Not that restoration was easy. By the time former Colorado resident Neal Price, president of Innovative Tools, Inc., found the empty hotel, only 60 percent of it was salvageable. The Nanbu might very well have been condemned years earlier; sunk into its foundations, it was a hazard for pedestrians and motorists passing near its occasionally shattering windows and splintering wood. Margaret Hori, whose family owns the Nanbu and Holy's Bakery behind it, would have been happy to tear it down but lacked the energy or funds to do so.

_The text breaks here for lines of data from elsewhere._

(* next value given the history h = [x(0); ...; x(n-1)] *)
Definition x_next (m i n : nat) (h : seq bool) : bool :=
  if n < kk m then x_init m i n
  else (theta m <= \sum_(1 <= j < (kk m).+1) abar m j * Posz (nth false h (n - j) : nat))%R.

Fixpoint x_hist (m i n : nat) : seq bool :=
  match n with
  | 0 => [::]
  | n'.+1 => let h := x_hist m i n' in rcons h (x_next m i n' h)
  end.

(* x^{alpha_i}(t) as a 0/1 value *)
Definition x (m i t : nat) : nat := nth false (x_hist m i t.+1) t.

(* Write p = p_i and b = beta_i, so that k = mu_i p + b with b < p.  The heart
   of the proof is that x^{alpha_i} is the periodic pattern [s = b mod p] at
   every time s (x_periodic).  For s < k this is the initial condition.  For
   s >= k, assuming the pattern in the past, the weighted sum of the
   threshold unit splits along the disjoint blocks {l p_a : 1 <= l <= 2 rho}:
   the own block a = i sees the constant value [s = b mod p] and so
   contributes [s = b mod p] * theta, because the weights sum to theta = 2 rho;
   a foreign block a <> i contains at most one active position (the numbers
   s - l p_a, l < p, are pairwise incongruent mod p) and so contributes at
   most 2, and nothing at all when s = b mod p.  Hence the threshold is met
   exactly when s = b mod p.  The statement then follows from counting the
   integers = b mod p in a window of mu_i p + b consecutive integers. *)

From mathcomp Require Import all_boot all_order all_algebra.
From mathcomp Require Import zify.
Import Order.TTheory GRing.Theory Num.Theory.

Set Implicit Arguments.
Unset Strict Implicit.

Lemma sum_indicator_le1 (a n : nat) (P : nat -> bool) :
  (forall l1 l2, a <= l1 < n -> a <= l2 < n -> P l1 -> P l2 -> l1 = l2) ->
  \sum_(a <= l < n) (P l : nat) <= 1.
Proof.
elim: n => [|n IH] P_inj; first by rewrite big_geq.
have [an|na] := leqP a n; last by rewrite big_geq.
rewrite big_nat_recr //=; case Pn: (P n).
  rewrite big1_seq //= => l; rewrite mem_index_iota => hl.
  by case Pl: (P l) => //; have := P_inj l n; rewrite Pl Pn; lia.
by rewrite addn0 IH // => l1 l2 h1 h2; apply: P_inj; lia.
Qed.

Lemma sum_window_rev (F : nat -> nat) (k t : nat) : k <= t ->
  \sum_(1 <= j < k.+1) F (t - j) = \sum_(t - k <= s < t) F s.
Proof.
elim: k => [|k IH] hk; first by rewrite !big_geq // subn0.
rewrite big_nat_recr //= IH ?(ltnW hk) // [RHS](@big_ltn _ _ _ (t - k.+1)); last lia.
by rewrite addnC; congr (_ + _); congr (\sum_(_ <= _ < _) _); lia.
Qed.

Section ResidueCount.
Variables (p b : nat).
Hypotheses (p_gt0 : 0 < p) (b_lt_p : b < p).

Let hit (s : nat) : nat := s %% p == b.

Lemma count_residue_period (a : nat) : \sum_(a <= s < a + p) hit s = 1.
Proof.
elim: a => [|a IH].
  rewrite add0n (eq_big_nat _ _ (F2 := fun s => if s == b then 1 else 0)).
    by rewrite -big_mkcond big_nat1_eq b_lt_p.
  by move=> s /andP[_ sp]; rewrite /hit modn_small //; case: (s == b).
have shift : \sum_(a <= s < a + p) hit s + hit (a + p)
           = hit a + \sum_(a.+1 <= s < a.+1 + p) hit s.
  by rewrite -big_nat_recr ?(big_ltn (m := a)) ?addSn //; lia.
by move: shift; rewrite IH /hit modnDr; lia.
Qed.
Lemma descent_cvg0 {W D} : (forall k, 0 <= W k) -> (forall k, 0 <= D k) ->
  (forall k, W k.+1 <= W k - D k) -> D @ \oo --> 0.
Proof.
move=> W_ge0 D_ge0 descent.
have W_noninc : nonincreasing_seq W.
  apply/nonincreasing_seqP => k.
  by rewrite (le_trans (descent k)) // gerDl oppr_le0.
have cvgW : cvgn W.
  by apply: nonincreasing_is_cvgn => //; exists 0 => _ [k _ <-].
have cvgWS : (fun k => W k.+1) @ \oo --> limn W by rewrite (cvg_shiftS W).
have gap0 : (fun k => W k - W k.+1) @ \oo --> 0.
  by rewrite -(subrr (limn W)); exact: cvgB cvgW cvgWS.
apply: (squeeze_cvgr _ (cvg_cst 0) gap0).
by near=> k; rewrite D_ge0 /= lerBrDr -lerBrDl.
Unshelve. all: by end_near.
Qed.

Lemma cvg0_dominated {x y} {K : R} : 0 < K -> (forall k, 0 <= x k) ->
  (forall k, K * x k <= y k) -> y @ \oo --> 0 -> x @ \oo --> 0.
Proof.
move=> K_gt0 x_ge0 x_le y0.
have Ky0 : (fun k => K^-1 * y k) @ \oo --> 0.
  by rewrite -(mulr0 K^-1); exact: cvgMl_tmp.
apply: (squeeze_cvgr _ (cvg_cst 0) Ky0).
by near=> k; rewrite x_ge0 /= ler_pdivlMl.
Unshelve. all: by end_near.
Qed.

Context {n : nat}.
Implicit Types (v w : nat -> 'rV[R]_n).

Lemma enorm_cvg0 v : (fun k => sqnorm (v k)) @ \oo --> 0 ->
  (fun k => enorm (v k)) @ \oo --> 0.
Proof.
by move=> v0; rewrite -sqrtr0; apply: continuous_cvg v0; exact: sqrt_continuous.
Qed.

Lemma sqnormB_cvg0 v w : (fun k => sqnorm (v k)) @ \oo --> 0 ->
  (fun k => sqnorm (w k)) @ \oo --> 0 ->
  (fun k => sqnorm (v k - w k)) @ \oo --> 0.
Proof.
move=> v0 w0.
apply: (cvg0_dominated (y := fun k => 2 * sqnorm (v k) + 2 * sqnorm (w k)) ltr01).
- by move=> k; exact: sqnorm_ge0.
- by move=> k; rewrite mul1r sqnormB_le.
- rewrite -(addr0 0) -(mulr0 2).
  by apply: cvgD; exact: cvgMl_tmp.
Qed.

End Sequences.

Lemma young_parameter {R : realType} {c bt sg : R} : 0 < c -> 0 < bt -> 0 < sg ->
  sg < Num.sqrt (2 * c) / (Num.sqrt (2 * c) + Num.sqrt bt) ->
  exists q, [/\ 0 < q, sg ^+ 2 * (1 + q) ^+ 2 < 1 & bt / q ^+ 2 < 2 * c].
Proof.
move=> c_gt0 bt_gt0 sg_gt0.
set S := Num.sqrt (2 * c); set T := Num.sqrt bt.
have S_gt0 : 0 < S by rewrite sqrtr_gt0 mulr_gt0.
have T_gt0 : 0 < T by rewrite sqrtr_gt0.
rewrite ltr_pdivlMr ?addr_gt0 // mulrDr => sg_small.
(* q must lie in ]T / S, (1 - sg) / sg[: the left end gives
   [bt / q ^+ 2 < 2 * c], the right end [sg * (1 + q) < 1]; the hypothesis
   on sg makes the window nonempty. *)
have lo_gt0 : 0 < T / S by rewrite divr_gt0.
have lo_hi : T / S < (1 - sg) / sg.
  by rewrite ltr_pdivrMr // mulrAC ltr_pdivlMr // mulrBl mul1r; lra.
exists ((T / S + (1 - sg) / sg) / 2); set q := _ / 2.
have lo_q : T / S < q by rewrite /q; lra.
have q_hi : q < (1 - sg) / sg by rewrite /q; lra.
have q_gt0 : 0 < q by lra.
split=> //.
  have sgq : sg * q < 1 - sg by rewrite mulrC -ltr_pdivlMr.
  rewrite -exprMn expr_lt1 ?mulr_ge0 ?addr_ge0 ?ltW //.
  by rewrite mulrDr mulr1; lra.
have btE : bt = (T / S) ^+ 2 * (2 * c).
  by rewrite expr_div_n !sqr_sqrtr ?mulr_ge0 ?ltW // divfK // gt_eqF ?mulr_gt0.
rewrite ltr_pdivrMr ?exprn_gt0 // btE mulrC ltr_pM2l ?mulr_gt0 //.
by rewrite ltr_pXn2r ?nnegrE ?ltW.
Qed.

Section InexactADMM.
Context {R : realType} {m n : nat}.
Context {g : 'I_m -> 'rV[R]_n -> 'rV[R]_n} {s c alpha beta sigma q : 'I_m -> R}.
Context {delta : R} {zstar : 'rV[R]_n}.
Context {u lam : nat -> 'I_m -> 'rV[R]_n} {z : nat -> 'rV[R]_n}.

Hypothesis m_gt0 : (0 < m)%N.
Hypothesis g_lipschitz :
  forall i x y, enorm (g i x - g i y) <= s i * enorm (x - y).
Hypothesis g_strongly_monotone :
  forall i x y, c i * enorm (x - y) ^+ 2 <= dotv (g i x - g i y) (x - y).
Hypothesis alpha_gt0 : forall i, 0 < alpha i.
Hypothesis beta_gt0 : forall i, 0 < beta i.
Hypothesis delta_gt0 : 0 < delta.
Hypothesis sigma_gt0 : forall i, 0 < sigma i.
Hypothesis q_admissible : forall i,
  [/\ 0 < q i, sigma i ^+ 2 * (1 + q i) ^+ 2 < 1 & beta i / q i ^+ 2 < 2 * c i].
Hypothesis stationary : \sum_i alpha i *: g i zstar = 0.
Hypothesis inexact : forall k i,
  enorm (g i (u k.+1 i) - lam k i + beta i *: (u k.+1 i - z k))
  <= sigma i * enorm (g i (u k i) - lam k i + beta i *: (u k i - z k)).
Hypothesis lam_update :
  forall k i, lam k.+1 i = lam k i - beta i *: (u k.+1 i - z k).
Hypothesis z_update : forall k, z k.+1 =
  (1 + delta)^-1 *: ((\sum_i alpha i * beta i)^-1 *:
     \sum_i alpha i *: (beta i *: u k.+1 i - lam k.+1 i))
  + (delta / (1 + delta)) *: z k.

Let q_gt0 i : 0 < q i. Proof. by case: (q_admissible i). Qed.
Let q_contraction i : sigma i ^+ 2 * (1 + q i) ^+ 2 < 1.
Proof. by case: (q_admissible i). Qed.
Let q_strong i : beta i / q i ^+ 2 < 2 * c i.
Proof. by case: (q_admissible i). Qed.

Local Notation B := (\sum_(i < m) alpha i * beta i).

Definition local_error k i :=
  q i / beta i * sqnorm (g i (u k i) - lam k i) + beta i * sqnorm (u k i - z k).

Definition lyapunov k :=
  \sum_i alpha i / beta i * sqnorm (lam k i - g i zstar + beta i *: (z k - zstar))
  + delta * B * sqnorm (z k - zstar).

Definition merit k := lyapunov k + \sum_i alpha i * local_error k i.

Definition decrement k := \sum_i alpha i *
  ((2 * c i - beta i / q i ^+ 2) * sqnorm (u k.+1 i - zstar)
   + (1 - sigma i ^+ 2 * (1 + q i) ^+ 2) * local_error k i).

Lemma B_gt0 : 0 < B.
Proof.
rewrite (bigD1 (Ordinal m_gt0)) //= ltr_pwDl ?mulr_gt0 //.
by rewrite sumr_ge0 // => i _; rewrite mulr_ge0 ?ltW.
Qed.

Lemma z_update_balance k :
  \sum_i alpha i *: (beta i *: (u k.+1 i - z k.+1) - (lam k.+1 i - g i zstar))
  = (delta * B) *: (z k.+1 - z k).
Proof.
have S_eq : \sum_i alpha i *: (beta i *: u k.+1 i - lam k.+1 i) =
    B *: z k.+1 + (delta * B) *: (z k.+1 - z k).
  apply/rowP => j; rewrite z_update !mxE.
  by field; rewrite (gt_eqF B_gt0) gt_eqF ?addr_gt0.
have termE i :
    alpha i *: (beta i *: (u k.+1 i - z k.+1) - (lam k.+1 i - g i zstar)) =
    alpha i *: (beta i *: u k.+1 i - lam k.+1 i) - (alpha i * beta i) *: z k.+1
    + alpha i *: g i zstar.
  by apply/rowP => j; rewrite !mxE; ring.
rewrite (eq_bigr _ (fun i _ => termE i)) big_split sumrB /= -scaler_suml.
by rewrite stationary addr0 S_eq addrAC subrr add0r.
Qed.

Lemma lyapunov_step k :
  lyapunov k = lyapunov k.+1
  + 2 * \sum_i alpha i * dotv (u k.+1 i - zstar) (lam k.+1 i - g i zstar)
  + \sum_i alpha i * beta i * sqnorm (u k.+1 i - z k.+1)
  + delta * B * sqnorm (z k.+1 - z k).
Proof.
have shiftE i : lam k i - g i zstar + beta i *: (z k - zstar) =
    lam k.+1 i - g i zstar + beta i *: (u k.+1 i - zstar).
  by rewrite lam_update; apply/rowP => j; rewrite !mxE; ring.
rewrite /lyapunov (eq_bigr _ (fun i _ =>
  congr1 (fun v => alpha i / beta i * sqnorm v) (shiftE i))).
exact: lyapunov_identity zstar (fun i => lt0r_neq0 (beta_gt0 i))
  (z_update_balance k).
Qed.

Lemma local_error_ge0 k i : 0 <= local_error k i.
Proof. by rewrite addr_ge0 // mulr_ge0 ?sqnorm_ge0 ?divr_ge0 ?ltW. Qed.

Lemma decrement_term_ge0 k i :
  0 <= (2 * c i - beta i / q i ^+ 2) * sqnorm (u k.+1 i - zstar)
       + (1 - sigma i ^+ 2 * (1 + q i) ^+ 2) * local_error k i.
Proof.
by rewrite addr_ge0 // mulr_ge0 ?sqnorm_ge0 ?local_error_ge0 // subr_ge0 ltW.
Qed.

Lemma decrement_ge0 k : 0 <= decrement k.
Proof.
by rewrite sumr_ge0 // => i _; rewrite mulr_ge0 ?decrement_term_ge0 ?ltW.
Qed.

Lemma merit_ge0 k : 0 <= merit k.
Proof.
rewrite /merit /lyapunov; apply: addr_ge0; first apply: addr_ge0.
- by apply: sumr_ge0 => i _; rewrite mulr_ge0 ?sqnorm_ge0 ?divr_ge0 ?ltW.
- by rewrite mulr_ge0 ?sqnorm_ge0 // mulr_ge0 ?ltW ?B_gt0.
- by apply: sumr_ge0 => i _; rewrite mulr_ge0 ?local_error_ge0 ?ltW.
Qed.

Price signed a 30-year lease from the Horis, got the hotel listed on the National Register of Historic Places, and began a 14-month restoration with the help of a federal tax credit. Qualifying for the tax credit meant that new materials had to match the old—quite a challenge in a structure originally built of high-grade Douglas fir logged in the American Northwest when environmental issues were not a concern. "We put the facade on last," Price recalls. "We figured, once that's up, everyone will want to walk through."
And that's what happened. Suddenly the Nanbu was the town's real-estate hot spot. Potential lessors lined up to occupy office space in the former hotel rooms, and 20 retailers—some without any experience, others willing to move their existing stores, all eager to cash in on Nanbu's historic comeback—vied for space on the ground floor.
Older members of the community, called kupuna, told Price stories about the old hotel: drunken brawls in the bar, pool games, and horses tied up out front. With those stories in mind, Price didn't want businesses that catered to tourists and not Kohala residents. "Realistically," Price says, "there is only so much that full-time residents need. But the community can't sustain itself unless it draws visitors." So he chose a coffee-shop hangout, a jewelry store, a used bookstore, and an art gallery, which—the exception to his rule—draws tourists.
Like Takata's old grocery, the Nanbu's success illustrates what's possible when a struggling community finds a way to profit from its history. Since 1980, North Kohala's population has nearly doubled to 6,038 residents. But can successful renovations make sense of a past of royalty and plantations to new generations from different cultures? One thing is sure: In tiny North Kohala, where residents celebrate Japanese and Chinese festivals, Christian holidays, Philippine independence, and anniversaries to commemorate the Hawaiian legacy, the town's old wooden buildings provide an authentic local framework linked to a history of prosperity.
There is a sense of relief among North Kohala's locals that their buildings remain. But Kohala native Nani Svendsen speaks for many when she says, "It's hard to relate to the changes right away. It went so fast for us. We need to share our cultures and heritage to make this really work."